(* Let $t\in\mathbb{Q}$, $t\neq 2$. Let $[x,y,1]$ be a point of $F_5\cap C_t$ (over $\overline{\mathbb{Q}}$) distinct from $P=[\zeta_3,\zeta_3^2,1]$ and $\overline P=[\zeta_3^2,\zeta_3,1]$. Then $f_t(x)=0$ and $y=\sum_{i=0}^5 a_i x^i$.
   Context: $F_5$ is the Fermat curve $x^5+y^5+z^5=0$ in $\mathbb{P}^2$; $\zeta_3$ is a primitive cube root of unity. For $t\in\mathbb{Q}$, $t\neq2$, $C_t$ is the conic $x^2+y^2+z^2+t(xy+xz+yz)=0$. Put $u=\frac{3t^2-2t+2}{t^2+t-1}$, $v=\frac{t^5-5t^4+10t^3-20t^2+15t-7}{(t-2)(t^2+t-1)^2}$, $w=\frac{-3t^5+10t^4-20t^3+20t^2-20t+6}{(t-2)(t^2+t-1)^2}$, and $f_t=X^6+uX^5+vX^4+wX^3+vX^2+uX+1\in\mathbb{Q}[X]$. Put $s=(t^4-3t^3-t^2+3t+1)(t-2)$ (nonzero for rational $t\ne2$) and $a_0=-\frac{(t^2+1)(t^3-t^2+2t-3)}{s}$, $a_1=-\frac{3t^7-9t^6+16t^5-15t^4+10t^3-11t^2+8t-7}{(t^2+t-1)s}$, $a_2=\frac{2t^8-14t^7+52t^6-99t^5+100t^4-54t^3+38t^2-44t+13}{(t^2+t-1)(t-2)s}$, $a_3=\frac{t^8+t^7-21t^6+65t^5-90t^4+78t^3-57t^2+32t-15}{(t^2+t-1)(t-2)s}$, $a_4=-\frac{2t^5-6t^4+13t^3-14t^2+7t-5}{s}$, $a_5=-\frac{(t^2+t-1)(t^3-t^2+2t-3)}{s}$. *)

From mathcomp Require Import all_boot all_order all_algebra all_field.
Set Implicit Arguments. Unset Strict Implicit. Unset Printing Implicit Defensive.
Import Order.TTheory GRing.Theory Num.Theory.
Local Open Scope ring_scope.

Definition ut (t : rat) : rat := (3 * t ^+ 2 - 2 * t + 2) / (t ^+ 2 + t - 1).
Definition vt (t : rat) : rat :=
  (t ^+ 5 - 5 * t ^+ 4 + 10 * t ^+ 3 - 20 * t ^+ 2 + 15 * t - 7)
  / ((t - 2) * (t ^+ 2 + t - 1) ^+ 2).
Definition wt (t : rat) : rat :=
  (- 3 * t ^+ 5 + 10 * t ^+ 4 - 20 * t ^+ 3 + 20 * t ^+ 2 - 20 * t + 6)
  / ((t - 2) * (t ^+ 2 + t - 1) ^+ 2).

Definition ft (t : rat) : {poly rat} :=
  Poly [:: 1; ut t; vt t; wt t; vt t; ut t; 1].

Definition st (t : rat) : rat :=
  (t ^+ 4 - 3 * t ^+ 3 - t ^+ 2 + 3 * t + 1) * (t - 2).

Definition a0 (t : rat) : rat :=
  - ((t ^+ 2 + 1) * (t ^+ 3 - t ^+ 2 + 2 * t - 3)) / st t.
Definition a1 (t : rat) : rat :=
  - (3 * t ^+ 7 - 9 * t ^+ 6 + 16 * t ^+ 5 - 15 * t ^+ 4 + 10 * t ^+ 3
     - 11 * t ^+ 2 + 8 * t - 7) / ((t ^+ 2 + t - 1) * st t).
Definition a2 (t : rat) : rat :=
  (2 * t ^+ 8 - 14 * t ^+ 7 + 52 * t ^+ 6 - 99 * t ^+ 5 + 100 * t ^+ 4
   - 54 * t ^+ 3 + 38 * t ^+ 2 - 44 * t + 13)
  / ((t ^+ 2 + t - 1) * (t - 2) * st t).
Definition a3 (t : rat) : rat :=
  (t ^+ 8 + t ^+ 7 - 21 * t ^+ 6 + 65 * t ^+ 5 - 90 * t ^+ 4 + 78 * t ^+ 3
   - 57 * t ^+ 2 + 32 * t - 15)
  / ((t ^+ 2 + t - 1) * (t - 2) * st t).
Definition a4 (t : rat) : rat :=
  - (2 * t ^+ 5 - 6 * t ^+ 4 + 13 * t ^+ 3 - 14 * t ^+ 2 + 7 * t - 5) / st t.
Definition a5 (t : rat) : rat :=
  - ((t ^+ 2 + t - 1) * (t ^+ 3 - t ^+ 2 + 2 * t - 3)) / st t.

Definition acoef (t : rat) (i : nat) : rat :=
  nth 0 [:: a0 t; a1 t; a2 t; a3 t; a4 t; a5 t] i.

From mathcomp Require Import all_boot all_order all_algebra all_field.
From Pilot Require Import Defs.
From mathcomp Require Import ring.
Set Implicit Arguments. Unset Strict Implicit. Unset Printing Implicit Defensive.
Import GRing.Theory Num.Theory.
Local Open Scope ring_scope.

(* Put s = x + y. Eliminating xy between the quintic and the conic leaves
   (s + 1)^2 h(s) = 0, and s = -1 only at P and Pbar. Reducing h(s) modulo the
   conic, seen as a quadratic in s, leaves a linear relation
   r1(x) s + r0(x) = 0, whose resultant with the conic is f_t(x) up to a
   nonzero factor. As f_t is palindromic, r1 cannot vanish at its roots, so
   s = -r0/r1, which modulo f_t is x + sum a_i x^i. The factors that must not
   vanish are t - 2, t^2 + t - 1 and t^4 - 3t^3 - t^2 + 3t + 1; the last two
   have no rational roots since an integer root would divide 1. *)

(* The data of Defs over an arbitrary field; over [rat] they are convertible
   to [ut], [vt], [wt], [ft] and [acoef]. *)
Section Coefficients.
Variable K : fieldType.
Implicit Types (T x : K).

Definition ucoef T := (3 * T ^+ 2 - 2 * T + 2) / (T ^+ 2 + T - 1).
Definition vcoef T :=
  (T ^+ 5 - 5 * T ^+ 4 + 10 * T ^+ 3 - 20 * T ^+ 2 + 15 * T - 7)
  / ((T - 2) * (T ^+ 2 + T - 1) ^+ 2).
Definition wcoef T :=
  (- 3 * T ^+ 5 + 10 * T ^+ 4 - 20 * T ^+ 3 + 20 * T ^+ 2 - 20 * T + 6)
  / ((T - 2) * (T ^+ 2 + T - 1) ^+ 2).
Definition fpoly T : {poly K} :=
  Poly [:: 1; ucoef T; vcoef T; wcoef T; vcoef T; ucoef T; 1].

Definition sden T := (T ^+ 4 - 3 * T ^+ 3 - T ^+ 2 + 3 * T + 1) * (T - 2).
Definition acoefs T : seq K := [::
  - ((T ^+ 2 + 1) * (T ^+ 3 - T ^+ 2 + 2 * T - 3)) / sden T;
  - (3 * T ^+ 7 - 9 * T ^+ 6 + 16 * T ^+ 5 - 15 * T ^+ 4 + 10 * T ^+ 3
     - 11 * T ^+ 2 + 8 * T - 7) / ((T ^+ 2 + T - 1) * sden T);
  (2 * T ^+ 8 - 14 * T ^+ 7 + 52 * T ^+ 6 - 99 * T ^+ 5 + 100 * T ^+ 4
   - 54 * T ^+ 3 + 38 * T ^+ 2 - 44 * T + 13)
  / ((T ^+ 2 + T - 1) * (T - 2) * sden T);
  (T ^+ 8 + T ^+ 7 - 21 * T ^+ 6 + 65 * T ^+ 5 - 90 * T ^+ 4 + 78 * T ^+ 3
   - 57 * T ^+ 2 + 32 * T - 15)
  / ((T ^+ 2 + T - 1) * (T - 2) * sden T);
  - (2 * T ^+ 5 - 6 * T ^+ 4 + 13 * T ^+ 3 - 14 * T ^+ 2 + 7 * T - 5) / sden T;
  - ((T ^+ 2 + T - 1) * (T ^+ 3 - T ^+ 2 + 2 * T - 3)) / sden T].

Definition yval T x := \sum_(i < 6) (acoefs T)`_i * x ^+ i.

Lemma horner_fpoly T x :
  (fpoly T).[x] = x ^+ 6 + ucoef T * x ^+ 5 + vcoef T * x ^+ 4
    + wcoef T * x ^+ 3 + vcoef T * x ^+ 2 + ucoef T * x + 1.
Proof. by rewrite horner_Poly /=; ring. Qed.

End Coefficients.

Section CoefficientsMorphism.
Variables (K L : fieldType) (f : {rmorphism K -> L}).
Implicit Types (T : K).

Lemma map_fpoly T : map_poly f (fpoly T) = fpoly (f T).
Proof.
rewrite map_Poly ?rmorph0 //; congr Poly; rewrite /= !fmorph_div rmorph1.
do !congr (_ :: _).
all: by congr (_ / _); ring.
Qed.

Lemma map_acoefs T : map f (acoefs T) = acoefs (f T).
Proof.
rewrite /= !fmorph_div; do !congr (_ :: _).
all: by congr (_ / _); rewrite /sden; ring.
Qed.

End CoefficientsMorphism.

Lemma prim3_root_sum (R : idomainType) (zeta : R) :
  3.-primitive_root zeta -> zeta ^+ 2 + zeta + 1 = 0.
Proof.
move=> zeta3; have zeta_neq1 : zeta != 1.
  by have := prim_order_dvd zeta3 1; rewrite expr1 => <-.
have : (zeta - 1) * (zeta ^+ 2 + zeta + 1) = zeta ^+ 3 - 1 by ring.
rewrite (prim_expr_order zeta3) subrr => /eqP.
by rewrite mulf_eq0 subr_eq0 (negPf zeta_neq1) => /eqP.
Qed.

Lemma prim3_root_eq (R : idomainType) (zeta x : R) :
  3.-primitive_root zeta -> x ^+ 2 + x + 1 = 0 -> x = zeta \/ x = zeta ^+ 2.
Proof.
move=> zeta3 x_root.
have : (x - zeta) * (x - zeta ^+ 2)
    = x ^+ 2 + x + 1 - (zeta ^+ 2 + zeta + 1) * x + (zeta ^+ 3 - 1) by ring.
rewrite x_root prim3_root_sum // (prim_expr_order zeta3) mul0r subr0 subrr addr0.
by move/eqP; rewrite mulf_eq0 !subr_eq0 => /orP[] /eqP; [left | right].
Qed.

Section FermatConic.
Variables (K : fieldType) (T : K).
Implicit Types (x y s z : K).

Definition conic x y := x ^+ 2 + y ^+ 2 + 1 + T * (x * y + x + y).

(* (T - 2)^2 (x^5 + y^5 + 1), written in s = x + y and reduced with the
   conic, is (s + 1)^2 hsum s. *)
Definition hsum s :=
  (T ^+ 2 + T - 1) * s ^+ 3 + (3 * T ^+ 2 - 2 * T + 2) * s ^+ 2
  + (8 * T - 2 * T ^+ 2 - 3) * s + (T - 2) ^+ 2.

(* rem1 x * s + rem0 x is the remainder of hsum s modulo conic x (s - x). *)
Definition remL := (T - 2) * (T - 1) * (T ^+ 2 + T - 1).
Definition remM := 2 * T ^+ 4 - 5 * T ^+ 3 + 2 * T ^+ 2 - 2 * T + 4.
Definition rem1 x := remL * (x ^+ 2 + 1) + remM * x.

Definition rem0 x :=
  (3 * T ^+ 3 - T ^+ 4 + T ^+ 2 - 8 * T + 4) * x ^+ 3
  + (4 * T ^+ 3 - T ^+ 4 - 5 * T ^+ 2 + 4 * T - 4) * x ^+ 2
  + (T ^+ 3 - T ^+ 2 - 3 * T + 2) * (x + 1).

Lemma fermat_conic_sum x y : x ^+ 5 + y ^+ 5 + 1 = 0 -> conic x y = 0 ->
  x + y + 1 = 0 \/ hsum (x + y) = 0.
Proof.
move=> fermat0 conic0; pose s := x + y.
have : (s + 1) ^+ 2 * hsum s = (T - 2) ^+ 2 * (x ^+ 5 + y ^+ 5 + 1)
    - conic x y * (5 * s * conic x y - 5 * (T - 2) * s ^+ 3
                   - 10 * s * (s ^+ 2 + T * s + 1)).
  by rewrite /hsum /conic /s; ring.
rewrite fermat0 conic0 mulr0 mul0r subrr => /eqP.
by rewrite mulf_eq0 expf_eq0 /= => /orP[] /eqP; [left | right].
Qed.

Lemma hsum_rem x y : conic x y = 0 -> hsum (x + y) = 0 ->
  rem1 x * (x + y) + rem0 x = 0.
Proof.
move=> conic0 hsum0; pose s := x + y.
have -> : rem1 x * s + rem0 x = hsum s + conic x y *
    (T ^+ 3 * x + T ^+ 3 - T ^+ 2 * x - T ^+ 2 * s - 2 * T ^+ 2 - 3 * T * x
     - T * s + T + 2 * x + s - 2).
  by rewrite /rem1 /remL /remM /rem0 /hsum /conic /s; ring.
by rewrite hsum0 conic0 mul0r addr0.
Qed.

Hypotheses (T_neq2 : T != 2) (q2T_neq0 : T ^+ 2 + T - 1 != 0)
  (q4T_neq0 : T ^+ 4 - 3 * T ^+ 3 - T ^+ 2 + 3 * T + 1 != 0).

Let T2_neq0 : T - 2 != 0. Proof. by rewrite subr_eq0. Qed.

Lemma conic_sum_eqN1 zeta x y : 3.-primitive_root zeta ->
  conic x y = 0 -> x + y + 1 = 0 ->
  (x, y) = (zeta, zeta ^+ 2) \/ (x, y) = (zeta ^+ 2, zeta).
Proof.
move=> zeta3 conic0 sum0.
have y_def : y = - x - 1 by rewrite -[y]subr0 -sum0; ring.
have x_root : x ^+ 2 + x + 1 = 0.
  have : (2 - T) * (x ^+ 2 + x + 1) = conic x y by rewrite /conic y_def; ring.
  rewrite conic0 => /eqP; rewrite mulf_eq0 subr_eq0 eq_sym (negPf T_neq2).
  by move/eqP.
have zeta_sum := prim3_root_sum zeta3.
have zeta2E : zeta ^+ 2 = - zeta - 1 by rewrite -[LHS]subr0 -zeta_sum; ring.
have zetaE : zeta = - zeta ^+ 2 - 1 by rewrite -[LHS]subr0 -zeta_sum; ring.
case: (prim3_root_eq zeta3 x_root) => x_def; rewrite y_def x_def.
  by left; rewrite zeta2E.
by right; rewrite -zetaE.
Qed.

(* The resultant in s of conic x (s - x) and rem1 x * s + rem0 x. *)
Lemma fpoly_resultant x y :
  (T - 2) ^+ 3 * (T ^+ 2 + T - 1) ^+ 2 * (fpoly T).[x]
  = (rem1 x * (x + y) + rem0 x)
      * (rem1 x * (x + y) - rem0 x + ((T - 2) * x + T) * rem1 x)
    - rem1 x ^+ 2 * conic x y.
Proof.
rewrite horner_fpoly /ucoef /vcoef /wcoef /rem1 /remL /remM /rem0 /conic.
by field; rewrite T2_neq0 q2T_neq0.
Qed.

Lemma rem_root_fpoly x y : conic x y = 0 -> rem1 x * (x + y) + rem0 x = 0 ->
  root (fpoly T) x.
Proof.
move=> conic0 rem_eq0; apply/rootP/eqP.
have c_neq0 : (T - 2) ^+ 3 * (T ^+ 2 + T - 1) ^+ 2 != 0.
  by rewrite mulf_neq0 ?expf_neq0.
have := fpoly_resultant x y; rewrite conic0 rem_eq0 mul0r mulr0 subr0 => /eqP.
by rewrite mulf_eq0 (negPf c_neq0).
Qed.

Definition fcubic z :=
  z ^+ 3 + ucoef T * z ^+ 2 + (vcoef T - 3) * z + (wcoef T - 2 * ucoef T).

Lemma horner_fpoly_recip x : x != 0 ->
  (fpoly T).[x] = x ^+ 3 * fcubic (x + x^-1).
Proof. by move=> x_neq0; rewrite horner_fpoly /fcubic; field. Qed.

Lemma rem1_recip x : x != 0 -> rem1 x = x * (remL * (x + x^-1) + remM).
Proof. by move=> x_neq0; rewrite /rem1; field. Qed.

Lemma fcubic_neq0 z : remL * z + remM = 0 -> fcubic z != 0.
Proof.
move=> /eqP; rewrite addr_eq0 => /eqP Lz.
have : remL ^+ 3 * fcubic z
    = - ((T - 2) ^+ 4 * (T ^+ 4 - 3 * T ^+ 3 - T ^+ 2 + 3 * T + 1) ^+ 2).
  have -> : remL ^+ 3 * fcubic z = (remL * z) ^+ 3
      + ucoef T * remL * (remL * z) ^+ 2 + (vcoef T - 3) * remL ^+ 2 * (remL * z)
      + (wcoef T - 2 * ucoef T) * remL ^+ 3 by rewrite /fcubic; ring.
  rewrite Lz /remL /remM /ucoef /vcoef /wcoef.
  by field; rewrite T2_neq0 q2T_neq0.
apply: contra_eq_neq => ->; rewrite mulr0 eq_sym oppr_eq0.
by rewrite mulf_neq0 ?expf_neq0.
Qed.

Lemma rem1_neq0 x : root (fpoly T) x -> rem1 x != 0.
Proof.
move=> /rootP fx0; have x_neq0 : x != 0.
  by apply: contra_eq_neq fx0 => ->; rewrite horner_coef0 coef_Poly oner_neq0.
rewrite rem1_recip // mulf_neq0 //.
apply: contra_eq_neq fx0 => /fcubic_neq0 fz_neq0.
by rewrite horner_fpoly_recip // mulf_neq0 ?expf_neq0.
Qed.

Lemma root_fpoly_rem_yval x : root (fpoly T) x ->
  rem1 x * (x + yval T x) + rem0 x = 0.
Proof.
move=> /rootP fx0; set q4 := T ^+ 4 - 3 * T ^+ 3 - T ^+ 2 + 3 * T + 1.
(* The cofactor is the quotient of the left-hand side by fpoly T. *)
have -> : rem1 x * (x + yval T x) + rem0 x =
  ((5 - 5 * T - 4 * T ^+ 2 - 13 * T ^+ 3 + 20 * T ^+ 4 - 5 * T ^+ 6
    + 2 * T ^+ 7 - T ^+ 8) / q4
   + (11 * T - 3 - 10 * T ^+ 2 - 3 * T ^+ 3 + 5 * T ^+ 4 - T ^+ 5
      + 2 * T ^+ 6 - T ^+ 8) / q4 * x) * (fpoly T).[x].
  rewrite horner_fpoly /yval !big_ord_recr big_ord0 /= /ucoef /vcoef /wcoef.
  rewrite /sden /rem1 /remL /remM /rem0 /q4.
  by field; rewrite T2_neq0 q2T_neq0 q4T_neq0.
by rewrite fx0 mulr0.
Qed.

Lemma fermat_conic_root zeta x y : 3.-primitive_root zeta ->
  x ^+ 5 + y ^+ 5 + 1 = 0 -> conic x y = 0 ->
  (x, y) <> (zeta, zeta ^+ 2) -> (x, y) <> (zeta ^+ 2, zeta) ->
  root (fpoly T) x /\ y = yval T x.
Proof.
move=> zeta3 fermat0 conic0 neqP neqPbar.
have hsum0 : hsum (x + y) = 0.
  have [sum0 | //] := fermat_conic_sum fermat0 conic0.
  by case: (conic_sum_eqN1 zeta3 conic0 sum0).
have rem_eq0 := hsum_rem conic0 hsum0.
have fx0 := rem_root_fpoly conic0 rem_eq0.
split=> //; apply/eqP; rewrite -subr_eq0.
have : rem1 x * (y - yval T x)
    = rem1 x * (x + y) + rem0 x - (rem1 x * (x + yval T x) + rem0 x) by ring.
rewrite rem_eq0 root_fpoly_rem_yval // subrr => /eqP.
by rewrite mulf_eq0 (negPf (rem1_neq0 fx0)).
Qed.

End FermatConic.

Lemma ratr_monic_root_int (p : {poly int}) (t : rat) :
  p \is monic -> root (map_poly intr p) (ratr t : algC) ->
  exists2 m : int, ratr t = m%:~R :> algC & root p m.
Proof.
move=> mon_p pt0; have pZ : map_poly intr p \is a polyOver (@Num.int algC).
  by apply/polyOverP => i; rewrite coef_map rpred_int.
have mon_pZ : map_poly intr p \is @monic algC := monic_map _ mon_p.
have /intrP[m tm] :=
  Cint_rat_Aint (Crat_rat t) (root_monic_Aint pt0 mon_pZ pZ).
by exists m => //; move: pt0; rewrite tm rootE horner_map intr_eq0.
Qed.

Lemma ratr_quad_neq0 (t : rat) : (ratr t : algC) ^+ 2 + ratr t - 1 != 0.
Proof.
apply/eqP => q0; pose p : {poly int} := Poly [:: -1; 1; 1].
have [m _ /rootP] : exists2 m : int, ratr t = m%:~R :> algC & root p m.
  apply: ratr_monic_root_int; first by rewrite monicE lead_coefE (PolyK (c := 0)).
  apply/rootP; rewrite map_Poly ?rmorph0 // horner_Poly /= -[RHS]q0.
  by rewrite rmorphN rmorph1; ring.
rewrite horner_Poly /= => m_root.
have /intUnitRing.unitzPl : (m + 1) * m = 1 by rewrite -[RHS]addr0 -m_root; ring.
by rewrite qualifE => /orP[] /eqP m_def; move: m_root; rewrite m_def.
Qed.

Lemma ratr_quart_neq0 (t : rat) :
  (ratr t : algC) ^+ 4 - 3 * ratr t ^+ 3 - ratr t ^+ 2 + 3 * ratr t + 1 != 0.
Proof.
apply/eqP => q0; pose p : {poly int} := Poly [:: 1; 3; -1; -3; 1].
have [m _ /rootP] : exists2 m : int, ratr t = m%:~R :> algC & root p m.
  apply: ratr_monic_root_int; first by rewrite monicE lead_coefE (PolyK (c := 0)).
  apply/rootP; rewrite map_Poly ?rmorph0 // horner_Poly /= -[RHS]q0.
  by rewrite !rmorphN rmorph1; ring.
rewrite horner_Poly /= => m_root.
have /intUnitRing.unitzPl : (3 * m ^+ 2 + m - m ^+ 3 - 3) * m = 1.
  by rewrite -[RHS]subr0 -m_root; ring.
by rewrite qualifE => /orP[] /eqP m_def; move: m_root; rewrite m_def.
Qed.

Theorem proposition2 (t : rat) (zeta x y : algC) :
  t != 2 ->
  3.-primitive_root zeta ->
  x ^+ 5 + y ^+ 5 + 1 = 0 ->
  x ^+ 2 + y ^+ 2 + 1 + ratr t * (x * y + x + y) = 0 ->
  (x, y) <> (zeta, zeta ^+ 2) ->
  (x, y) <> (zeta ^+ 2, zeta) ->
  root (map_poly ratr (ft t)) x /\
  y = \sum_(i < 6) ratr (acoef t i) * x ^+ i.
Proof.
move=> t_neq2 zeta3 fermat0 conic0 neqP neqPbar.
have T_neq2 : (ratr t : algC) != 2 by rewrite -(ratr_nat algC 2) fmorph_eq.
have [fx0 y_def] := fermat_conic_root T_neq2 (ratr_quad_neq0 t)
  (ratr_quart_neq0 t) zeta3 fermat0 conic0 neqP neqPbar.
split; first by rewrite -[ft t]/(fpoly t) map_fpoly.
rewrite y_def /yval -map_acoefs; apply: eq_bigr => i _.
by rewrite (nth_map 0).
Qed.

----

DIRECTIONS: Please write out the lines that run from the one with "rewrite y_def /yval" to the end of the records, both included, exactly as they appear.

RESULT BELOW:
rewrite y_def /yval -map_acoefs; apply: eq_bigr => i _.
by rewrite (nth_map 0).
Qed.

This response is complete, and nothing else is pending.